Convolutional neural networks (CNNs), due to their network architecture which incorporates weight sharing and small local receptive fields, have significantly reduced the number of node connections compared to conventional neural networks. This simplification of network connections has made CNNs widely applied in deep learning models [
15,
16,
17]. CNNs can train their parameters using jamming signals, eliminating the need for manual feature extraction and the design of decision trees for classification criteria. As a result, CNNs have been extensively used in the research of classifying and recognizing radar jamming signals [
18].
In [
19], a jamming recognition algorithm based on improved LeNet·CNN network was designed which extracted one-dimensional radar received signals and adjusted the network structure parameters to achieve optimal performance for the recognition of jamming signals. Ref. [
20] obtained the time-frequency spectrogram of jamming signals by short-time Fourier transform, combined with the improved VGGNet·16 network model for feature learning and training, and the simulation verified that the algorithm is still effective for the identification of six kinds of mixed jamming. Ref. [
21] adopted an adaptive cropping algorithm to crop most of the redundant information of the time-frequency image and kept the complete information of the jamming in the CNN for training, and finally achieved the recognition of nine kinds of jamming signals with high accuracy and fast iteration. In [
22], a 1D CNN-based radar jamming signal classification model was proposed to achieve the classification of 12 typical jamming signals by putting the real and imaginary parts of jamming signals into the parallel network for training. In [
23], a CNN was constructed using the real and imaginary parts of the signal as inputs. With sufficient training samples, this method demonstrated excellent recognition capabilities. The mentioned papers primarily address the issue of recognizing jamming when there are sufficient labeled samples. However, [
6,
24,
25] considered the case of insufficient labeled samples. Ref. [
6] proposed a method based on a time-frequency self-attentive mechanism. The recognition rate for most of the patterns of jamming reaches 90% when the samples with labels account for 3%. In [
24], Tian et al. inputed features obtained through empirical mode decomposition and wavelet decomposition into the network. Simulations conducted on a dataset consisting of only 8400 samples showed that the recognition rates for four types of jamming were all above 90% when the JNR exceeded 6 dB. In [
25], a large number of unlabeled samples were first used to train an jamming recognition network to extract valuable features. Then, a small number of labeled samples were used to improve the classification accuracy.

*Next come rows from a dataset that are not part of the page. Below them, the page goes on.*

Lemma antichain_node_cons_map s :
  antichain_seq leX s -> x :: map e s <> [::] /\ antichain_seq leY (x :: map e s).
Proof.
have incomp_e a b : incomparable leX a b -> incomparable leY (e a) (e b).
  by case=> not_le_ab not_le_ba; split=> /e_reflecting.
have all_incomp_x t : all_incomp leY x (map e t) by elim: t => //= a t IH; split.
move=> anti_s; do 2!split=> //; elim: s anti_s => //= a s IH [all_a anti_s].
split; last exact: IH.
by elim: s all_a {IH anti_s} => //= b s IH [/incomp_e ? /IH].
Qed.

Definition cons_map_node (s : antichain_node leX) : antichain_node leY :=
  exist _ _ (antichain_node_cons_map (proj2 (svalP s))).

(* Every antichain of X reappears, shifted by x, below the node [x] of Y's
   forest, so [x] alone has rank at least w(X). *)
Lemma width_lt_of_embedding o o' : width_is leX o -> width_is leY o' -> olt o o'.
Proof.
move=> [fX [rankX ->]] [fY [rankY ->]] /=.
pose root : antichain_node leY := exist _ [:: x] (antichain_node_cons_map (s := [::]) I).
have eq_root : sval root = [:: x] by [].
exists root; case: (rankY root) eq_root => b g rank_g eq_b /= s.
have child_root : node_child (cons_map_node s) b.
  exists (map e (sval s)); rewrite eq_b; split => //.
  by case: (svalP s) => + _; case: (sval s).
exists (exist (fun t => node_child t b) _ child_root).
apply: (@has_rank_ole_of_simulation _ _ _ _ (fun s t => sval t = sval (cons_map_node s)) _
  _ _ _ _ (rankX s) (rank_g _)) => // s1 t s2 eq_t [u [u_neq_nil eq_s2]].
exists (cons_map_node s2) => //.
exists (map e u); split; first by case: u u_neq_nil {eq_s2}.
by rewrite eq_t /= eq_s2 map_cat.
Qed.

End WidthEmbedding.

Definition order_embedding (A B : wellorder) (g : A -> B) :=
  forall x y, wo_lt x y <-> wo_lt (g x) (g y).

Lemma ord_eq_inverse_embedding (A B : wellorder) :
  ord_eq A B -> exists g : B -> A, order_embedding g.
Proof.
move=> [f [f_emb f_surj]].
have [g fgK] : exists g : B -> A, forall z, f (g z) = z.
  by apply: (dependent_functional_choice (P := fun z x => f x = z)).
by exists g => z z'; rewrite f_emb !fgK.
Qed.

Lemma wellorder_bottom (B : wellorder) : inhabited B -> exists m : B, forall w, ~ wo_lt w m.
Proof.
move=> [b]; have [m [_ m_least]] := exists_least (@wo_wf B)
  (fun x y => classic (wo_lt x y)) (P := fun _ => True) (y := b) I.
by exists m => w; apply: m_least.
Qed.

Section OmegaPowMap.
Variables (A B : wellorder) (g : A -> B).
Hypothesis g_emb : order_embedding g.

Lemma order_embedding_inj : injective g.
Proof.
move=> x y eq_g; case: (wo_total x y) => [|[//|]] /g_emb; rewrite eq_g => /wo_irr [].
Qed.

Lemma nonincr_map s : nonincr s -> nonincr (map g s).
Proof. by elim: s => [|x [|y s] IH] //= [/(contra_not (g_emb x y).2) ? /IH]. Qed.

Lemma lexlt_map s t : lexlt (map g s) (map g t) -> lexlt s t.
Proof.
elim: s t => [|x s IH] [|y t] //= [/g_emb|[/order_embedding_inj eq_xy /IH]]; auto.
Qed.

Definition omega_pow_map (a : omega_pow A) : omega_pow B :=
  exist _ _ (nonincr_map (svalP a)).

Lemma omega_pow_map_reflecting : order_reflecting (@omega_pow_le A) (@omega_pow_le B) omega_pow_map.
Proof.
move=> a b; case=> [/lexlt_map|/(inj_map order_embedding_inj)]; rewrite /omega_pow_le; auto.
Qed.

End OmegaPowMap.

Definition omega_pow_nil (A : wellorder) : omega_pow A := exist _ [::] I.

Section OmegaPowEmbeddings.
Variables (A B : wellorder) (g : A -> B).
Hypothesis g_emb : order_embedding g.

Although the application of deep learning technology in radar jamming recognition is rapidly developing, the current methods still suffer from the closed-set assumption, i.e., the existing methods assume that the jamming patterns are included in the training set. However, in the actual battlefield environment, the enemy may invent new jamming patterns, making it challenging to collect data for all patterns in the training set, so the actual radar jamming environment is an open set scenario, i.e., the test environment is likely to have jamming patterns that do not exist in the training jamming library. In the actual open set jamming scenario, when a jamming pattern that does not exist in the training jamming library appears in the test environment, the existing radar jamming identification methods will incorrectly identify this unknown jamming as one of the known jamming patterns. In [
26], Zhou et al. first investigated the open set recognition problem for radar jamming; however, the method can only detect or reject the unknown patterns, but cannot effectively identify the unknown patterns. How to further classify these unknown pattern signals remains a challenging task, and it falls under the research domain of open world recognition (OWR).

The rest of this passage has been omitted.